Based on the feedback and the people who thanked me in person during the rest of the conference, I've decided to make it available to everyone. Hopefully you will find it useful.

The following are the links to the demo code that is shown or referred to in the video.

People have been asking me if the demo scripts I used in video are available. You will probably find some of these on various blog posts. So to make it easier for everyone I will post the demo scripts in one or more blog posts over the coming weeks. When these are available I will update this blog post with the links.

I have a few new presentations on Oracle R Enterprise in 2016 so watch out for these at an Oracle User Group conference.

Saturday, December 12, 2015

KScope 2016 Acceptances

I've never been to KScope. Yes never.

I've always wanted to. Each year you hear of all of these stories about how much people really enjoy KScope and how much they learn.

So back in October I decided to submit 5 presentations to KScope. 4 of these presentations are solo presentations and 1 joint presentation.

This week I have received the happy news that 2 of my solo presentations have been accepted, plus my joint presentation with Kim Berg Hansen.

So at the end of June 2016 I will be making my way to Chicago for a week of Oracle geekie fun at KScope.

My presentations will be:

  • Is Oracle SQL the best language for Statistic?
  • Running R in your Oracle Database using Oracle R Enterprise

and my join presentations is called

Forecasting in Oracle using the Power of SQL (this will talk about ROracle, Forecasting in R, Using Oracle R Enterprise and SQL)

I was really hoping that one of my rejected presentations would have been accepted.
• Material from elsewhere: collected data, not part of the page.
Lemma normalize_in_E (u : Z -> R) l :
  (forall i, 0 <= u i) -> Defs.symmetric u -> radial_support u -> 0 < u 0%Z ->
  infinite_sum (mass_series u) l -> 0 < l /\ in_E (fun i => u i / l).
Proof.
  intros Hnn Hsym Hrad H0 HS.
  assert (HSpos : 0 < l).
  { apply Rlt_le_trans with (u 0%Z); [exact H0|].
    apply (sum_incr (mass_series u) 0 l HS).
    intros [|n]; unfold mass_series; [apply Hnn|].
    pose proof (Hnn (Z.of_nat (S n))). pose proof (Hnn (- Z.of_nat (S n))%Z). lra. }
  split; [exact HSpos|]. split; [split|split].
  - intro i. unfold Rdiv. apply Rmult_le_pos; [apply Hnn|left; apply Rinv_0_lt_compat; lra].
  - intros eps Heps. destruct (HS (eps * l)) as [N HN]; [nra|].
    exists N. intros n Hn. specialize (HN n Hn).
    assert (Hsum : sum_f_R0 (mass_series (fun i => u i / l)) n
                   = / l * sum_f_R0 (mass_series u) n).
    { rewrite scal_sum. apply sum_eq. intros [|k] _; unfold mass_series; field; lra. }
    rewrite Hsum. replace 1 with (/ l * l) by (field; lra).
    rewrite Rdist_mult_l, Rabs_right by (left; apply Rinv_0_lt_compat; lra).
    apply Rmult_lt_reg_l with l; [lra|]. rewrite <- Rmult_assoc, Rinv_r; lra.
  - intro i. now rewrite Hsym.
  - apply radial_support_interval. intros i j Hji Hi Hj.
    apply (Hrad i j Hji); [intro E; apply Hi; rewrite E; unfold Rdiv; ring|].
    apply (Rmult_eq_reg_r (/ l)); [|apply Rinv_neq_0_compat; lra]. rewrite Rmult_0_l. exact Hj.
Qed.

Section Weights.

Variable z : Z -> R.
Hypothesis Hz : in_E z.

Let x := Rmap z.

Lemma nbhd_sum_nonneg i : 0 <= nbhd_sum z i.
Proof.
  unfold nbhd_sum.
  pose proof (E_nonneg z Hz (i - 1)). pose proof (E_nonneg z Hz i).
  pose proof (E_nonneg z Hz (i + 1)).
  lra.
Qed.

Lemma nbhd_sum_le3 i : nbhd_sum z i <= 3.
Proof.
  unfold nbhd_sum.
  pose proof (E_le1 z Hz (i - 1)). pose proof (E_le1 z Hz i). pose proof (E_le1 z Hz (i + 1)).
  lra.
Qed.

Lemma nbhd_sum_symmetric : Defs.symmetric (nbhd_sum z).
Proof.
  intro i. unfold nbhd_sum.
  replace (- i - 1)%Z with (- (i + 1))%Z by lia.
  replace (- i + 1)%Z with (- (i - 1))%Z by lia.
  rewrite !(E_symmetric z Hz). ring.
Qed.

Lemma nbhd_sum_ge i k : (i - 1 <= k <= i + 1)%Z -> z k <= nbhd_sum z i.
Proof.
  intros Hk. unfold nbhd_sum.
  pose proof (E_nonneg z Hz (i - 1)). pose proof (E_nonneg z Hz i).
  pose proof (E_nonneg z Hz (i + 1)).
  assert (Hk3 : (k = i - 1 \/ k = i \/ k = i + 1)%Z) by lia.
  destruct Hk3 as [Hk3 | [Hk3 | Hk3]]; subst k; lra.
Qed.

Lemma nbhd_sum_radial_support : radial_support (nbhd_sum z).
Proof.
  intros i j Hji Hi.
  assert (Hk : exists k, (i - 1 <= k <= i + 1)%Z /\ z k <> 0).
  { unfold nbhd_sum in Hi.
    destruct (Req_EM_T (z (i - 1)%Z) 0) as [E1|E1]; [|exists (i - 1)%Z; split; [lia|exact E1]].
    destruct (Req_EM_T (z i) 0) as [E2|E2]; [|exists i; split; [lia|exact E2]].
    exists (i + 1)%Z. split; [lia|]. intro E3. apply Hi. rewrite E1, E2, E3. ring. }
  destruct Hk as [k [Hk Hzk]].
  assert (Hl : exists l, (j - 1 <= l <= j + 1)%Z /\ (Z.abs l <= Z.abs k)%Z).
  { destruct (Z.lt_trichotomy j 0) as [Hj|[Hj|Hj]].
    - exists (j + 1)%Z. split; lia.
    - exists 0%Z. split; lia.
    - exists (j - 1)%Z. split; lia. }
  destruct Hl as [l [Hl Hlk]].
  pose proof (E_radial_support z Hz k l Hlk Hzk).
  pose proof (E_nonneg z Hz l). pose proof (nbhd_sum_ge j l Hl). lra.
Qed.

Lemma Rmap_E_nonneg n : 0 <= x n.
Proof.
  destruct n as [|n]; [simpl; lra|]. unfold x. rewrite Rmap_succ.
  destruct (Req_EM_T _ 0); [lra|].
  pose proof (E_nonneg z Hz (Z.of_nat n)). pose proof (E_nonneg z Hz (Z.of_nat (S n))).
  unfold Rdiv. apply Rmult_le_pos; [lra|]. left. apply Rinv_0_lt_compat. lra.
Qed.

Lemma nbhd_factor_ge1 n : 1 <= nbhd_factor x n.
Proof.
  unfold nbhd_factor. pose proof (Rmap_E_nonneg n). pose proof (Rmap_E_nonneg (S n)). nra.
Qed.

(* Also when z m = 0 or z (m+1) = 0: the support of z is an interval around 0. *)
Lemma nbhd_sum_succ m :
  nbhd_sum z (Z.of_nat (S m)) = z (Z.of_nat m) * nbhd_factor x (S m).
Proof.
  unfold nbhd_sum, nbhd_factor, x. rewrite !Rmap_succ.
  replace (Z.of_nat (S m) - 1)%Z with (Z.of_nat m) by lia.
  replace (Z.of_nat (S m) + 1)%Z with (Z.of_nat (S (S m))) by lia.
  destruct (Req_EM_T (z (Z.of_nat m)) 0) as [E0|E0].
  - pose proof (E_zero_succ z Hz m E0) as E1. pose proof (E_zero_succ z Hz (S m) E1) as E2.
    rewrite E0, E1, E2. ring.
  - destruct (Req_EM_T (z (Z.of_nat (S m))) 0) as [E1|E1].
    + rewrite E1, (E_zero_succ z Hz (S m) E1). field. exact E0.
    + field. auto.
Qed.

Lemma nbhd_sum_0 : nbhd_sum z 0 = z 0%Z * (1 + 2 * x 1%nat).
Proof.
  pose proof (E_center_pos z Hz).
  unfold nbhd_sum, x. rewrite Rmap_succ. simpl.
  destruct (Req_EM_T (z 0%Z) 0); [lra|].
  change (-1)%Z with (- (1))%Z. rewrite (E_symmetric z Hz). field. lra.
Qed.

Lemma Rmap_nbhd_sum_1 : Rmap (nbhd_sum z) 1 = nbhd_factor x 1 / (1 + 2 * x 1%nat).
Proof.
  pose proof (E_center_pos z Hz). pose proof (nbhd_factor_ge1 1). pose proof (Rmap_E_nonneg 1).
  rewrite Rmap_succ. change (Z.of_nat 0) with 0%Z. rewrite nbhd_sum_0, (nbhd_sum_succ 0).
  change (Z.of_nat 0) with 0%Z.
  destruct (Req_EM_T _ 0) as [E|E]; [nra|]. field. lra.
Qed.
I really enjoy this presentation and I get to share stories about some of my predictive analytics projects. Ah well, maybe in 2017.

The last time I was in Chicago was over 15 years ago when I sent 5 days in Cellular One (The brand was sold to Trilogy Partners by AT&T in 2008 shortly after AT&T had completed its acquisition of Dobson Communications). I was there to kick off a project to build them a data warehouse and to build their first customer churn predictive model. I stayed in a hotel across the road from their office which was famous because a certain person had stayed in it why one the run. Unfortunately I didn't get time to visit downtown Chicago.

Wednesday, December 2, 2015

OUG Ireland 2015 : Call for Papers

We finally have confirmed dates for the OUG Ireland Annual Conference. It will be on the 3rd & 4th March, 2016.

In 2016 we are expanding the conference and marking it a 2 day conference. Over the past few years some of the feedback from delegates has been, can we have more sessions and add a second day. So we have listened and will now have a 2 day conference on 3rd & 4th March, 2016.

We also have a new venue too. The 2016 conference will be held in the Gresham Hotel, on O'Connell Street in central Dublin. It is so close to lots of the tourist attractions, lots of hotels and lots of entertainment.

The call for papers is now open and we are looking for presentations for the typical Business Analytics/Big Data, Hardcore DBA, Development, Cloud and Applications.

Do you have a story to share? Have you discovered something recently? Have you used a new product? Is there anything about some part of an Oracle Product you would like to share?

If so then click on the image below to go to the Submissions Website and get submitting. Closing date for submissions is 9am on 4th January.


Hopefully I'll see you in Dublin in March.